==== Information given ====

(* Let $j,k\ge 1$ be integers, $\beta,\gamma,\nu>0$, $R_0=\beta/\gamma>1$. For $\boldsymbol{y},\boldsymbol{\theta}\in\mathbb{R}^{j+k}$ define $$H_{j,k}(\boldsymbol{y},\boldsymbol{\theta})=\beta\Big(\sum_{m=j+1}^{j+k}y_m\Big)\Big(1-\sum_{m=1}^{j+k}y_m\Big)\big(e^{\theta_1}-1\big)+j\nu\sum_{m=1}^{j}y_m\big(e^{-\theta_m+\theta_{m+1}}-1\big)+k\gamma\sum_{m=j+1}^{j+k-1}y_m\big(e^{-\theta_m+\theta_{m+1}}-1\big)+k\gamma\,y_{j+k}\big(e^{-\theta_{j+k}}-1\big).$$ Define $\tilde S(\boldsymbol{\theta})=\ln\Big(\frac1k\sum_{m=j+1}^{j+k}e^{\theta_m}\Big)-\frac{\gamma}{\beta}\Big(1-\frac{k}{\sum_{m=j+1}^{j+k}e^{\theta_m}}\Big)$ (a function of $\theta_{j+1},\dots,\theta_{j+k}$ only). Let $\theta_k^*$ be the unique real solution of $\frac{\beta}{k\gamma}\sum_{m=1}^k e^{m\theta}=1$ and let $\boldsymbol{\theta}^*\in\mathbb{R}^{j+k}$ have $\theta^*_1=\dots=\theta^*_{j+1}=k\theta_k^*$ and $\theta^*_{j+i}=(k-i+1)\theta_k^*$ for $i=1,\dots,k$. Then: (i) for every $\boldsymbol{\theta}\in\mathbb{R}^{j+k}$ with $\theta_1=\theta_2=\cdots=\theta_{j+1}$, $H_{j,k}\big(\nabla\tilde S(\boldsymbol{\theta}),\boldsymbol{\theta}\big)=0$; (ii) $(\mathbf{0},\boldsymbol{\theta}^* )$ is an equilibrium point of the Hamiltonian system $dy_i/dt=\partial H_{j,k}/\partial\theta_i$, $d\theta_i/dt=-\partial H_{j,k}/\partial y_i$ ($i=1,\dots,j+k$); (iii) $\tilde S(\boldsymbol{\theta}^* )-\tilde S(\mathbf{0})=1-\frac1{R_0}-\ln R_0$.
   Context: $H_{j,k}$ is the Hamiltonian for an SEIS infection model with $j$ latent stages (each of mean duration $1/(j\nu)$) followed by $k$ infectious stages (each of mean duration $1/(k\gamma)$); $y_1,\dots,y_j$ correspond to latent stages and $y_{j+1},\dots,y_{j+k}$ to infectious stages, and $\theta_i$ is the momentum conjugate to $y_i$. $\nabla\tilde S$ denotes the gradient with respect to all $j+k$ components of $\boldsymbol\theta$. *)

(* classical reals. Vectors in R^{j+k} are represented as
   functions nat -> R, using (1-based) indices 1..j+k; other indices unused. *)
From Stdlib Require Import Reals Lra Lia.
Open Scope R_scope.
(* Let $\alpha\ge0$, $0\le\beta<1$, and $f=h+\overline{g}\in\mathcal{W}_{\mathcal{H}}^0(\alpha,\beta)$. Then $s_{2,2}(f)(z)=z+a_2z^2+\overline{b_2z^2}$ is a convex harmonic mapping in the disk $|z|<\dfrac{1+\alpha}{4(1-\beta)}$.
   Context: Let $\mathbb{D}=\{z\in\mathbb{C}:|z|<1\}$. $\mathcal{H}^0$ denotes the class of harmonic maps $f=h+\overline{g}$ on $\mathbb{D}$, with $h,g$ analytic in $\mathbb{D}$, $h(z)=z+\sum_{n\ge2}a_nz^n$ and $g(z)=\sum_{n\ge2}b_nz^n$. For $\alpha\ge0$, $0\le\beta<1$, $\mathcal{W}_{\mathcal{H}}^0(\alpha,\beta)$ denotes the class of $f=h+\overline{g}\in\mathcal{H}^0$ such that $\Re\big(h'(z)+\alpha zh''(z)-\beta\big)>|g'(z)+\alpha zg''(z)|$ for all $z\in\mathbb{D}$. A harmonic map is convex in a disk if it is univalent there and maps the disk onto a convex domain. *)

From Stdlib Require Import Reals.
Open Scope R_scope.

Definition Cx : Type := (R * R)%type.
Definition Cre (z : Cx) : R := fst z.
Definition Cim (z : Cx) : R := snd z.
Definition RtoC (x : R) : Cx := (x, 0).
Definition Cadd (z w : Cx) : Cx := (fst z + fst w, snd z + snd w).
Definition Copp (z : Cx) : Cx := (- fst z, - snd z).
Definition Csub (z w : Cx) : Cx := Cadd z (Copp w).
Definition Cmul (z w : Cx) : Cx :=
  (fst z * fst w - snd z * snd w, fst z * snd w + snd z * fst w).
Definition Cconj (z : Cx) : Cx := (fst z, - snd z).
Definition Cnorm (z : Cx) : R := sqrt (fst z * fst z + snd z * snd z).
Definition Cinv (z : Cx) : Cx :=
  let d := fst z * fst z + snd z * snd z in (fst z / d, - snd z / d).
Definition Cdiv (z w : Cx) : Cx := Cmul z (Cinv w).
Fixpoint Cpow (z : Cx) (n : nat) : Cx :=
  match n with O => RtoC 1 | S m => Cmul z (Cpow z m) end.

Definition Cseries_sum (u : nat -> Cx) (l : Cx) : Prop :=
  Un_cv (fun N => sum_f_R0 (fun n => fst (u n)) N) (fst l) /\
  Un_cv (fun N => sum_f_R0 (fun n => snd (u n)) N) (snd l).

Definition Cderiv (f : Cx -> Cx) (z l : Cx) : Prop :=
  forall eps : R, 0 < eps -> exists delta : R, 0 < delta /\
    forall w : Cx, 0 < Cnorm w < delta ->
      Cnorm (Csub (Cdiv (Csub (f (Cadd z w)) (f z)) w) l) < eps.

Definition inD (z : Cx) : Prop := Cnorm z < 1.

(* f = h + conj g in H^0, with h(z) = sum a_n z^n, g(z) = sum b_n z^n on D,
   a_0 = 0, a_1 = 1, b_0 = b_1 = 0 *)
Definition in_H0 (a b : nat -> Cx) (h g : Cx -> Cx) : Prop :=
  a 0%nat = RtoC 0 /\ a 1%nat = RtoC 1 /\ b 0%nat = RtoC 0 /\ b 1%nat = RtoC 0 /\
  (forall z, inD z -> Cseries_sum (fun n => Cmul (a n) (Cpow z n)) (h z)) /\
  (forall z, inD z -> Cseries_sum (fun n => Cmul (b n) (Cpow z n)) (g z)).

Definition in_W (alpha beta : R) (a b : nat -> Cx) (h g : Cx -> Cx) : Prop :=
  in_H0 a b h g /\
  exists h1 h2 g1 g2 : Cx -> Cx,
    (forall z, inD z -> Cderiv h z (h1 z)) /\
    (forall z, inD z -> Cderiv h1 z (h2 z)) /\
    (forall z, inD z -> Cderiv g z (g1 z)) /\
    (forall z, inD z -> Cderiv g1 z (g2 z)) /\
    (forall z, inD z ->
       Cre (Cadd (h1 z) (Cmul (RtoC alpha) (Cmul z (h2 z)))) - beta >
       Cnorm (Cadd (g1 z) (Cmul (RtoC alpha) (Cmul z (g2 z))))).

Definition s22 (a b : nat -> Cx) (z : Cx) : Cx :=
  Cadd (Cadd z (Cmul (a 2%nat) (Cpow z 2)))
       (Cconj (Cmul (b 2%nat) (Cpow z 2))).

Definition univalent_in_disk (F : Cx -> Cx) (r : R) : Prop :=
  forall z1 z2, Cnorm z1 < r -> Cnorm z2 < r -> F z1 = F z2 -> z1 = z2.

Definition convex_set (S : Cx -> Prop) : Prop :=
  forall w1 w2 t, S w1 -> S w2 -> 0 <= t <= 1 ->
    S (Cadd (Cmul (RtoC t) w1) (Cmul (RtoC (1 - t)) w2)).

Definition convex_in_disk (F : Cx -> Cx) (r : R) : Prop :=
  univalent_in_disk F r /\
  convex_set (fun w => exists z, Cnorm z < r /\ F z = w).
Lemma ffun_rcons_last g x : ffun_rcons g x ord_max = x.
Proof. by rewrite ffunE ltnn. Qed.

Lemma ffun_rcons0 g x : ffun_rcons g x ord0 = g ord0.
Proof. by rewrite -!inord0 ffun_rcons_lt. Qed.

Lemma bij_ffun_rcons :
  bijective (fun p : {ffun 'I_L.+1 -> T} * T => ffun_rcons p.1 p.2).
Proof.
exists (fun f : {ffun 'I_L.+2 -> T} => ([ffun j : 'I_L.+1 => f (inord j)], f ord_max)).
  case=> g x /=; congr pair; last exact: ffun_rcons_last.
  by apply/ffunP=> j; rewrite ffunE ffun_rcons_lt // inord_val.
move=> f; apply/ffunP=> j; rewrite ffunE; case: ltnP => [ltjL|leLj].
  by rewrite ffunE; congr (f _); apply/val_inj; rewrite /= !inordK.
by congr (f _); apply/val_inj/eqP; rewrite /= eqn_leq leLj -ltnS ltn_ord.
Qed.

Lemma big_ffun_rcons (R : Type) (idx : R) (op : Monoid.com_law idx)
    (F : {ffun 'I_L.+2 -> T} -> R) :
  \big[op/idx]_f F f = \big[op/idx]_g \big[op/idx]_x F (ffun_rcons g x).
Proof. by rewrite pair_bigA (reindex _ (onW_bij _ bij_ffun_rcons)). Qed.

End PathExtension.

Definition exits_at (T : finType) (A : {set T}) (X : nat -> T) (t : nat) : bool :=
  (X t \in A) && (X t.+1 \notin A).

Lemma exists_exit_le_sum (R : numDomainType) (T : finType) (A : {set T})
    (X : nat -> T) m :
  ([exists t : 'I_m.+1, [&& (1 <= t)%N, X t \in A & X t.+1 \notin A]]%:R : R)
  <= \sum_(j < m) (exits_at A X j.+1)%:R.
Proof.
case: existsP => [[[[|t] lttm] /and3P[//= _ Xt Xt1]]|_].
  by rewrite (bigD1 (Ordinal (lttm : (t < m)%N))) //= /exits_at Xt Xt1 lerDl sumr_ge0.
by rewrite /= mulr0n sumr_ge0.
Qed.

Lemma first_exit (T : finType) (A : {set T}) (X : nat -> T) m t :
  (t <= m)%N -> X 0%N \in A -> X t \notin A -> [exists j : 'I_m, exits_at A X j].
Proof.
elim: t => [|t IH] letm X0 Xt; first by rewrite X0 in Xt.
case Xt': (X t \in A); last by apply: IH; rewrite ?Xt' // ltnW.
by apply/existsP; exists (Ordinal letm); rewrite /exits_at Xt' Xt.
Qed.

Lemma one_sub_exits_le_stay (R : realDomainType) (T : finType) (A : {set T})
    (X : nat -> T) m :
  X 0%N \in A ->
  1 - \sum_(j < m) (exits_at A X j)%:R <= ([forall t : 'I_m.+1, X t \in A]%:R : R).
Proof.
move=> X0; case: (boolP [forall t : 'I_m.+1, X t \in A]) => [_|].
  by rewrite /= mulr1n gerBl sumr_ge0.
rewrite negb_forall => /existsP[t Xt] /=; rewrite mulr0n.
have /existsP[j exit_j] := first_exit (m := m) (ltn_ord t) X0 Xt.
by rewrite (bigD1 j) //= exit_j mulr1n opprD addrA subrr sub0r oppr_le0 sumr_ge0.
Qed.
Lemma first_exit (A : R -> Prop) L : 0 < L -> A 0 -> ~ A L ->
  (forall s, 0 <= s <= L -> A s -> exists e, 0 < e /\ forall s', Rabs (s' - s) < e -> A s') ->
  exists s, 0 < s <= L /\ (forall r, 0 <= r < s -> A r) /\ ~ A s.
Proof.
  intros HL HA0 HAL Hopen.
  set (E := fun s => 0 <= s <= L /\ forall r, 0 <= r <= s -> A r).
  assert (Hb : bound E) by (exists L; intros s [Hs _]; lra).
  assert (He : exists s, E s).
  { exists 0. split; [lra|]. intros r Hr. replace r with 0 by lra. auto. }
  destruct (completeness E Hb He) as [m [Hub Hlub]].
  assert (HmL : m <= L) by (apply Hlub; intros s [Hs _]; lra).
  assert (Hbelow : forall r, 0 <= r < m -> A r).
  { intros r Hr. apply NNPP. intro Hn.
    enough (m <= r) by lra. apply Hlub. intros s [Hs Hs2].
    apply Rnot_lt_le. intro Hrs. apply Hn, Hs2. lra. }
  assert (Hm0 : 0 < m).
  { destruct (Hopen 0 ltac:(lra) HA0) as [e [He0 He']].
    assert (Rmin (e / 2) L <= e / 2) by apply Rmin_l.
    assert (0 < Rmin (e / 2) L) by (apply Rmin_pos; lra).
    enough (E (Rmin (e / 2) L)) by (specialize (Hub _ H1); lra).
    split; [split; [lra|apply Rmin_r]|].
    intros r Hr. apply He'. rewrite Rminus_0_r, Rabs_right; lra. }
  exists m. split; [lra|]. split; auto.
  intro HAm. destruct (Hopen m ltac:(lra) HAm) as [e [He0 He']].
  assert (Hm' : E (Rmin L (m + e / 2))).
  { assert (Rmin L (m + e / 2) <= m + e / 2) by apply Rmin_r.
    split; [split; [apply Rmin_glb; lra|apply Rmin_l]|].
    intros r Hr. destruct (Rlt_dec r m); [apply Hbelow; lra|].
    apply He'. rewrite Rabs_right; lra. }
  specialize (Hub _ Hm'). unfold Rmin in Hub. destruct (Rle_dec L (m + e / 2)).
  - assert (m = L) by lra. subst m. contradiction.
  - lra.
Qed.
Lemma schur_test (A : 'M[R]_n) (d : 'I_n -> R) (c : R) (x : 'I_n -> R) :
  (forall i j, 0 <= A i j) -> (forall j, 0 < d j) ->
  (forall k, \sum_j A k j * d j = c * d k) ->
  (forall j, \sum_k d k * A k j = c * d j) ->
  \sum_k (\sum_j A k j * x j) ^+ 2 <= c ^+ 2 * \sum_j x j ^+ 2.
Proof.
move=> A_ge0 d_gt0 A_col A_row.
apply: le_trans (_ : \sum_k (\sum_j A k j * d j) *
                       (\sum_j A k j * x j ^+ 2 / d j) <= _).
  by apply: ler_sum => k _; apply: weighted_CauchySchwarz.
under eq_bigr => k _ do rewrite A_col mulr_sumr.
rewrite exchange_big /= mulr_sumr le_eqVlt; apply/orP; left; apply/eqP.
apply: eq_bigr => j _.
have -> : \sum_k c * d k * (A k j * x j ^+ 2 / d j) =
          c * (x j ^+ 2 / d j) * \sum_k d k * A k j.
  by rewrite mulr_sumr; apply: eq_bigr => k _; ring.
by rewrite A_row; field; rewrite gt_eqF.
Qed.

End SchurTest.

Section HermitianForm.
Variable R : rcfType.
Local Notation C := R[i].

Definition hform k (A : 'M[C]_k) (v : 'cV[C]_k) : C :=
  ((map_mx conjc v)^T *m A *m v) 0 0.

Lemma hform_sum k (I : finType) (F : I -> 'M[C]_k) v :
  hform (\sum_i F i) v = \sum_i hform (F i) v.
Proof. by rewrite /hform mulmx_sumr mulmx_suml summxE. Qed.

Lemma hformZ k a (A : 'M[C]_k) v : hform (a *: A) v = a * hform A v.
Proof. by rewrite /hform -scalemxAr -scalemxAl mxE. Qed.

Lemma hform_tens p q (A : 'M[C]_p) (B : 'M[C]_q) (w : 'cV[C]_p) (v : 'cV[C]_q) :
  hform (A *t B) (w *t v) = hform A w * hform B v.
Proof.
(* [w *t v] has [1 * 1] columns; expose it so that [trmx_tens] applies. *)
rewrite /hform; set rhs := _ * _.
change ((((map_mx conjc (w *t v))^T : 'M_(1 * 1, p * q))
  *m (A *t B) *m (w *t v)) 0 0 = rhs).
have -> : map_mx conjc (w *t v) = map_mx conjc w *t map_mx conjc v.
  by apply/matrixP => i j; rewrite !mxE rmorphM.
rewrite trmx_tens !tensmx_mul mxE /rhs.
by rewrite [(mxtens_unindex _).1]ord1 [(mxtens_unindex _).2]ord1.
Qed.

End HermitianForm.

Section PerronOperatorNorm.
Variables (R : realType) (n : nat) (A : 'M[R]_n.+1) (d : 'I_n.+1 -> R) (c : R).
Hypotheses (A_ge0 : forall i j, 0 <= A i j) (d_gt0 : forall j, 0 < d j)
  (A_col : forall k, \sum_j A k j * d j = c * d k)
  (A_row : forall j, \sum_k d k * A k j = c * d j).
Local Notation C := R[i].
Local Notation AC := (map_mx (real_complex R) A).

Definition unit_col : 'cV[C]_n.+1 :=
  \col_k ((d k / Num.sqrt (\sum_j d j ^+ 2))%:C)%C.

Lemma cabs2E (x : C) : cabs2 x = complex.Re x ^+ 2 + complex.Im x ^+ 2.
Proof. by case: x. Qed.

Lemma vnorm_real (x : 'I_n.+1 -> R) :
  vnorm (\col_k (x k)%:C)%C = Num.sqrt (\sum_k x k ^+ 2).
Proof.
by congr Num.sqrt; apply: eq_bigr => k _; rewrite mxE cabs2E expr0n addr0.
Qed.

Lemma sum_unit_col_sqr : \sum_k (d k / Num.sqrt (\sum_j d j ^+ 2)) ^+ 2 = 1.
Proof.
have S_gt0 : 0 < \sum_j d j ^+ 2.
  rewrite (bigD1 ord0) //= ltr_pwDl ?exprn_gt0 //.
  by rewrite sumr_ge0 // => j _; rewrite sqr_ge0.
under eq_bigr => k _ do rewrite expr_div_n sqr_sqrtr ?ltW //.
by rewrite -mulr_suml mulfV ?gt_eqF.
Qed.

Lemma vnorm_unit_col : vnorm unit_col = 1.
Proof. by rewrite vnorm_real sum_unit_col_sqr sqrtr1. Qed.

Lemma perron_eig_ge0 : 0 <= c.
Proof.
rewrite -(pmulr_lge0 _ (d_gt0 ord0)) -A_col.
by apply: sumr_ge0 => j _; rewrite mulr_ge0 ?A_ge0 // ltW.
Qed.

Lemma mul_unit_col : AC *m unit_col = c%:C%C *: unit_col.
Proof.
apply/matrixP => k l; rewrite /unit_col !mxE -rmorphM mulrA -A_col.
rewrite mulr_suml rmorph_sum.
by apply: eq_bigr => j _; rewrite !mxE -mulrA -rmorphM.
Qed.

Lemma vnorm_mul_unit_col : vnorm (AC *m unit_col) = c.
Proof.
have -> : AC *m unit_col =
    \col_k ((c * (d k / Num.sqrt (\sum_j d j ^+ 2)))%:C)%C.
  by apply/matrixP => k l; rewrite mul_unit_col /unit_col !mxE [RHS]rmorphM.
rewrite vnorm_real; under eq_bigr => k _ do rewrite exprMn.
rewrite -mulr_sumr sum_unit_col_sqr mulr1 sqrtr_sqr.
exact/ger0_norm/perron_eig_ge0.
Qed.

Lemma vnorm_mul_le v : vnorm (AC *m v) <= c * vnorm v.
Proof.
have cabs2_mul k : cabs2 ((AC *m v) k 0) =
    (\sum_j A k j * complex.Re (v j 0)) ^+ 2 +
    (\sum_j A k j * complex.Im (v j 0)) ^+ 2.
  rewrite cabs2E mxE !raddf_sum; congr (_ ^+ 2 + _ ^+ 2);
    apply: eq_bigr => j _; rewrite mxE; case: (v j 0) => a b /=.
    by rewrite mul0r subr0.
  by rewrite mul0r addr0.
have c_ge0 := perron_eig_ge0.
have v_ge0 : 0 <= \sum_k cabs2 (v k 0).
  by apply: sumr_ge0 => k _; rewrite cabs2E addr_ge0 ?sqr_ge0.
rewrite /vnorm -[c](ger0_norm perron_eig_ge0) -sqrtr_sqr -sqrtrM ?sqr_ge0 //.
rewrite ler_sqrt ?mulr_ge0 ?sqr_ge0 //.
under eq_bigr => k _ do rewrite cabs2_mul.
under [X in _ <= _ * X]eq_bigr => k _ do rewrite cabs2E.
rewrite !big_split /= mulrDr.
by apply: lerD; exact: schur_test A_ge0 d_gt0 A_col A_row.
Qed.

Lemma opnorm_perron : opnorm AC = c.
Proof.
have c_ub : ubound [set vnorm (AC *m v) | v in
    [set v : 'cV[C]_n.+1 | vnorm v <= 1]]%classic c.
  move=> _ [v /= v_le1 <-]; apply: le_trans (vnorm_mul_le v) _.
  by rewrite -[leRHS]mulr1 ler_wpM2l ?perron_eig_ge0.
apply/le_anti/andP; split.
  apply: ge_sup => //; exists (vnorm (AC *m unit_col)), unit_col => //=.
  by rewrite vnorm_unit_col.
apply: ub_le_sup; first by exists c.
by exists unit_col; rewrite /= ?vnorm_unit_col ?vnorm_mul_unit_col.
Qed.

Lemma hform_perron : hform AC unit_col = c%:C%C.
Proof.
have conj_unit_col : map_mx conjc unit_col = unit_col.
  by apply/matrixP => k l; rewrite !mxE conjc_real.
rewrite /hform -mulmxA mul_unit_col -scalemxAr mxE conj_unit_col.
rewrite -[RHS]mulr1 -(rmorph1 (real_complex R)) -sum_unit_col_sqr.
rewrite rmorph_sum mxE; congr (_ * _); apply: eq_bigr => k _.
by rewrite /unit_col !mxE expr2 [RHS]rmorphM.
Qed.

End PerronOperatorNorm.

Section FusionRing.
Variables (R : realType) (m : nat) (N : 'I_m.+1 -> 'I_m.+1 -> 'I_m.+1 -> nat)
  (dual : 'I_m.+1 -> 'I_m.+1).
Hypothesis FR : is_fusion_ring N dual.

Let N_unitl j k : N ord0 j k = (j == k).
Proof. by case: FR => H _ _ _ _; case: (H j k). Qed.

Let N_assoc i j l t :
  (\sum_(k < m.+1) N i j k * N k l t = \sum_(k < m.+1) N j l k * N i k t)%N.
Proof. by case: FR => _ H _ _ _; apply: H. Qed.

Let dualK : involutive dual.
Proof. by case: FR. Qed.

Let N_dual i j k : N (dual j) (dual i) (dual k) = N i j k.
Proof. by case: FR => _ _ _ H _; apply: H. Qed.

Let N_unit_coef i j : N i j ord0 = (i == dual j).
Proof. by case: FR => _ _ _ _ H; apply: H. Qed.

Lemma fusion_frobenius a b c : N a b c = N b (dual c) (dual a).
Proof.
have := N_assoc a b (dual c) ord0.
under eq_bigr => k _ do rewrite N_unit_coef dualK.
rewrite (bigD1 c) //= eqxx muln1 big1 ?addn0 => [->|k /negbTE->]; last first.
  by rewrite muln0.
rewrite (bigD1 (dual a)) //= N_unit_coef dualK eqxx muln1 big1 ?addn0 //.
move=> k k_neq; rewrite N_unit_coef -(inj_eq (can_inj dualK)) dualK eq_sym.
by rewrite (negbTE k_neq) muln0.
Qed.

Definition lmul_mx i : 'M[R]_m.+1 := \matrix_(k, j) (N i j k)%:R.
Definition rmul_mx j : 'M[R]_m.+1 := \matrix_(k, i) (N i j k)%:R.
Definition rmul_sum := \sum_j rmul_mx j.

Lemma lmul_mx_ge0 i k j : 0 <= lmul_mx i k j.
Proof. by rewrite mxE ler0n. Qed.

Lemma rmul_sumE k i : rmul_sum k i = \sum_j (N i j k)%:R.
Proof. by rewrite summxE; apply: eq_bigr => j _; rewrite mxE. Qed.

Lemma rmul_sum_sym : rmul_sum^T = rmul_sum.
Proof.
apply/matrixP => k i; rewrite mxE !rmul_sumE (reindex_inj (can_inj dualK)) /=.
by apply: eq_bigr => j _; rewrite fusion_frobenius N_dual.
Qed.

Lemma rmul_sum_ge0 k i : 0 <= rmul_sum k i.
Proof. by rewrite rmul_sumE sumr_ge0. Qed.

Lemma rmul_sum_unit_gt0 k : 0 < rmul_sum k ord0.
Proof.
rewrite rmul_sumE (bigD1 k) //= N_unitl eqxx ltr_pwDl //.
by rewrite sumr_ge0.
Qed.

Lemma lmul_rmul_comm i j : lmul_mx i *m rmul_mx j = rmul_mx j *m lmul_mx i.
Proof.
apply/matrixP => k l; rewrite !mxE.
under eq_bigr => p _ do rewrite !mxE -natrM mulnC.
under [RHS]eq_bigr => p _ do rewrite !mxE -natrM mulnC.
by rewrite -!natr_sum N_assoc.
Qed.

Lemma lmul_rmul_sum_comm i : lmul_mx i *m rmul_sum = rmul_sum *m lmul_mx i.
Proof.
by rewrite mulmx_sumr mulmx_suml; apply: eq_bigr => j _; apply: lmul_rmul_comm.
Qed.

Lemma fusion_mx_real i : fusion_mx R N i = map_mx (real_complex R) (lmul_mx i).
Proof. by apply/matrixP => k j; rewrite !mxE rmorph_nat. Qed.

====

*Required action*: In the entries above, the lines between the one holding "by apply/matrixP => k l; rewrite !mxE" and the one holding "Proof. by rewrite summxE;", inclusive, are to be printed exactly as written, and those alone.

*Task solution*:
  by apply/matrixP => k l; rewrite !mxE conjc_real.
rewrite /hform -mulmxA mul_unit_col -scalemxAr mxE conj_unit_col.
rewrite -[RHS]mulr1 -(rmorph1 (real_complex R)) -sum_unit_col_sqr.
rewrite rmorph_sum mxE; congr (_ * _); apply: eq_bigr => k _.
by rewrite /unit_col !mxE expr2 [RHS]rmorphM.
Qed.

End PerronOperatorNorm.

Section FusionRing.
Variables (R : realType) (m : nat) (N : 'I_m.+1 -> 'I_m.+1 -> 'I_m.+1 -> nat)
  (dual : 'I_m.+1 -> 'I_m.+1).
Hypothesis FR : is_fusion_ring N dual.

Let N_unitl j k : N ord0 j k = (j == k).
Proof. by case: FR => H _ _ _ _; case: (H j k). Qed.

Let N_assoc i j l t :
  (\sum_(k < m.+1) N i j k * N k l t = \sum_(k < m.+1) N j l k * N i k t)%N.
Proof. by case: FR => _ H _ _ _; apply: H. Qed.

Let dualK : involutive dual.
Proof. by case: FR. Qed.

Let N_dual i j k : N (dual j) (dual i) (dual k) = N i j k.
Proof. by case: FR => _ _ _ H _; apply: H. Qed.

Let N_unit_coef i j : N i j ord0 = (i == dual j).
Proof. by case: FR => _ _ _ _ H; apply: H. Qed.

Lemma fusion_frobenius a b c : N a b c = N b (dual c) (dual a).
Proof.
have := N_assoc a b (dual c) ord0.
under eq_bigr => k _ do rewrite N_unit_coef dualK.
rewrite (bigD1 c) //= eqxx muln1 big1 ?addn0 => [->|k /negbTE->]; last first.
  by rewrite muln0.
rewrite (bigD1 (dual a)) //= N_unit_coef dualK eqxx muln1 big1 ?addn0 //.
move=> k k_neq; rewrite N_unit_coef -(inj_eq (can_inj dualK)) dualK eq_sym.
by rewrite (negbTE k_neq) muln0.
Qed.

Definition lmul_mx i : 'M[R]_m.+1 := \matrix_(k, j) (N i j k)%:R.
Definition rmul_mx j : 'M[R]_m.+1 := \matrix_(k, i) (N i j k)%:R.
Definition rmul_sum := \sum_j rmul_mx j.

Lemma lmul_mx_ge0 i k j : 0 <= lmul_mx i k j.
Proof. by rewrite mxE ler0n. Qed.

Lemma rmul_sumE k i : rmul_sum k i = \sum_j (N i j k)%:R.
Proof. by rewrite summxE; apply: eq_bigr => j _; rewrite mxE. Qed.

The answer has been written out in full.